Entretanto, a acurácia dos testes clínicos para o diagnóstico da DA é
limitada, com sensibilidade variando de 71% a 88% e especificidade
variando de 44% a 71%, quando se considera o diagnóstico
histopatológico como padrão ouro.3
A histopatologia da DA é caracterizada pela deposição extracelular
de agregados da proteína β-amiloide com a formação de placas
neuríticas, e pela deposição intracelular de agregados da proteína
tau fosforilada. A proteína tau tem como função a estabilização dos
microtúbulos. Na DA ocorre hiperfosforilação da proteína tau, com
consequente dissociação da proteína dos microtúbulos e
agregação da proteína tau fosforilada sob a forma de filamentos
helicoidais pareados insolúveis. Por fim, os filamentos helicoidais se
organizam sob a forma de emaranhados neurofibrilares
intracelulares (ENF).2,4
ANÁLISE DOS BIOMARCADORES NO LÍQUOR NA DOENÇA DE
ALZHEIMER
As proteínas β-amiloide, tau total e tau fosforilada podem ser
quantificadas no líquido cefalorraquidiano (LCR).
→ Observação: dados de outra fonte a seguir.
(* Let $P$ be a rooted forest on $[n]$ with natural labeling and let $\mathcal{M}^{\hat\partial}$ be the monoid of maps $\mathcal{L}(P)\to\mathcal{L}(P)$ generated by $\hat\partial_1,\dots,\hat\partial_n$. If $x\in\mathcal{M}^{\hat\partial}$ is idempotent ($x^2=x$), then $\operatorname{Rfactor}(x)=I_x$.
   Context: A rooted forest is a disjoint union of rooted trees, a rooted tree being a connected finite poset in which each element is covered by at most one element. $\mathcal{L}(P)=\{\pi\in S_n : i\prec j \Rightarrow \pi^{-1}_i<\pi^{-1}_j\}$ in one-line notation. $\pi\tau_i$ ($1\le i<n$) swaps $\pi_i,\pi_{i+1}$ if incomparable and is $\pi$ otherwise; $\partial_j=\tau_j\cdots\tau_{n-1}$; $\hat\partial_i$ is defined by $\pi\hat\partial_i=\pi\partial_{\pi^{-1}_i}$. Maps act on the right and compose as $\pi(xy)=(\pi x)y$; the monoid contains the identity. For $x\in\mathcal{M}^{\hat\partial}$: $\operatorname{im}(x)=\{\pi x:\pi\in\mathcal{L}(P)\}$; $\operatorname{rfactor}(x)$ is the longest word $u$ such that every element of $\operatorname{im}(x)$ (as a word $\pi_1\cdots\pi_n$) ends with $u$; $\operatorname{Rfactor}(x)$ is the set of letters of $\operatorname{rfactor}(x)$; $I_x=\{i\in[n]:\hat\partial_i x=x\}$. *)

From mathcomp Require Import all_boot.
Set Implicit Arguments. Unset Strict Implicit. Unset Printing Implicit Defensive.

(* Labels: the ground set [n] = {1,...,n} is represented by 'I_n = {0,...,n-1}
   (label k+1 of the paper is k here); positions in one-line notation are
   0-based as well. *)

Section Defs.
Variable n : nat.
Variable R : rel 'I_n.  (* R i j  means  i <= j in the poset P *)

Definition is_porder : Prop :=
  reflexive R /\ antisymmetric R /\ transitive R.

Definition plt (i j : 'I_n) : bool := (i != j) && R i j.

Definition covers (i j : 'I_n) : bool :=
  plt i j && [forall k, ~~ (plt i k && plt k j)].

Definition rooted_forest : Prop :=
  forall i : 'I_n, #|[set j | covers i j]| <= 1.

Definition natural_labeling : Prop :=
  forall i j : 'I_n, plt i j -> (i < j)%N.

Definition comparable (a b : 'I_n) : bool := R a b || R b a.

(* a word (one-line notation) pi_1 ... pi_n as a sequence; pi^{-1}_i is
   index i pi (0-based position) *)
Definition linext (pi : seq 'I_n) : Prop :=
  perm_eq pi (enum 'I_n) /\
  forall i j : 'I_n, plt i j -> (index i pi < index j pi)%N.

(* pi tau_p : swap positions p and p+1 (0-based) if the entries are
   incomparable, otherwise do nothing *)
Fixpoint tau (p : nat) (s : seq 'I_n) : seq 'I_n :=
  match p, s with
  | 0, a :: b :: s' => if comparable a b then s else b :: a :: s'
  | p'.+1, a :: s' => a :: tau p' s'
  | _, _ => s
  end.

(* pi partial_p = pi tau_p tau_{p+1} ... tau_{n-2}  (0-based; this is the
   paper's partial_{p+1} = tau_{p+1} ... tau_{n-1}), maps acting on the right *)
Definition partial (p : nat) (s : seq 'I_n) : seq 'I_n :=
  foldl (fun t k => tau k t) s (iota p (n.-1 - p)).

Definition hatpartial (i : 'I_n) (s : seq 'I_n) : seq 'I_n :=
  partial (index i s) s.

(* An element of the monoid M^{hatpartial} is given by a word
   [:: i1; ...; ik] standing for hatpartial_{i1} ... hatpartial_{ik}
   (the empty word is the identity); right action: pi (xy) = (pi x) y. *)
Definition act (w : seq 'I_n) (s : seq 'I_n) : seq 'I_n :=
  foldl (fun t i => hatpartial i t) s w.

Definition idempotent_word (w : seq 'I_n) : Prop :=
  forall pi, linext pi -> act w (act w pi) = act w pi.

Definition common_suffix (w u : seq 'I_n) : Prop :=
  forall pi, linext pi -> suffix u (act w pi).

Definition is_rfactor (w u : seq 'I_n) : Prop :=
  common_suffix w u /\
  forall v, common_suffix w v -> (size v <= size u)%N.

Definition in_I (w : seq 'I_n) (i : 'I_n) : Prop :=
  forall pi, linext pi -> act w (hatpartial i pi) = act w pi.

End Defs.

From Pilot Require Import Defs.
From mathcomp Require Import all_boot zify.
Set Implicit Arguments. Unset Strict Implicit. Unset Printing Implicit Defensive.

(* Write U for the up-set of the letters of x and D for its complement.
   [hatpartial_j] carries j to the position of the next element of the chain
   above j, that one to the next, and so on, the last to the end; it preserves
   the relative order of the letters not above j.  Hence the letters of D
   keep their order under x, and a downward induction on U shows that at a
   fixed point of x (here: any image) the letters of U come last, in an order
   independent of the image.  So x(pi) = pi|D ++ t for a fixed word t, and
   i is in I_x iff [hatpartial_i] never changes pi|D.  This holds for i in U;
   for i in D it holds iff in every image all letters of D after i lie above
   i, which makes i part of the common suffix rfactor(x), and conversely. *)

Section Before.
Variable T : eqType.
Implicit Types (s t : seq T) (a b x y : T).

Definition before s a b : bool := index a s < index b s.

Lemma before_cons x s a b : a != x -> b != x -> before (x :: s) a b = before s a b.
Proof. by rewrite /before /= eq_sym => /negbTE ->; rewrite eq_sym => /negbTE ->. Qed.

Lemma before_headl x s b : before (x :: s) x b = (x != b).
Proof. by rewrite /before /= eqxx; case: eqP. Qed.

Lemma before_headr x s a : before (x :: s) a x = false.
Proof. by rewrite /before /= eqxx ltn0. Qed.

Lemma before_irr s a : before s a a = false.
Proof. by rewrite /before ltnn. Qed.

Lemma before_flip s a b : a \in s -> b \in s -> a != b ->
  before s a b = ~~ before s b a.
Proof.
move=> ha hb nab; rewrite /before -leqNgt ltn_neqAle.
have -> // : index a s != index b s.
by apply: contra nab => /eqP E; rewrite -(nth_index a ha) E nth_index.
Qed.

Lemma before_skip x y s a b : a != y -> b != y ->
  before (x :: y :: s) a b = before (x :: s) a b.
Proof.
rewrite /before /= eq_sym => /negbTE ->; rewrite eq_sym => /negbTE ->.
by case: (x == a); case: (x == b).
Qed.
Na DA, estes
biomarcadores
apresentam
uma “assinatura
patológica”
característica que inclui a diminuição da proteína β-amiloide (Aβ),
principal componente das placas neuríticas, e o aumento das
proteínas tau total (T-tau) e tau-fosforilada (P-tau), devido à
degeneração neuronal associada ao acúmulo intracelular de ENF.3,4
Este perfil de diminuição da concentração da proteína Aβ associada
ao aumento da concentração de T-tau ou P-tau permite o
diagnóstico diferencial entre a DA e outras formas de demência com
sensibilidade e especificidade em torno de 90% a 95% (Tabela 1).3,4
Tabela 1: Perfil de alteração das proteínas Aβ1-42, T-tau e P-tau nas principais síndromes demenciais, utilizando-se
como referência pacientes com queixa subjetiva de comprometimento da memória (Schoonenboom e cols.)
DOENÇA
Aβ1-42
T-tau
P-tau
QSCM
Referência
Referência
Referência
Alzheimer
↓↓
↑↑
↑↑
DLFT
↓
↑
=
DCL
↓
↑
↑
Demência vascular
↓
=
=
Creutzfeldt-Jakob
=
↑↑↑
↑
Transtornos psiquiátricos
=
=
=
QSCM = Queixa subjetiva de comprometimento da memória; DLFT = Degeneração lobar frontotemporal;
DCL = Demência com corpos de Lewy. ↓↓ redução acentuada em comparação com QSCM e outras demências;
↑↑ aumento acentuado em comparação com QSCM e outras demências;
↓ redução acentuada em comparação com QSCM; ↑ aumento acentuado em comparação com QSCM;
= semelhante a QSCM; ↑↑↑ extremamente aumentado comparado aos demais grupos.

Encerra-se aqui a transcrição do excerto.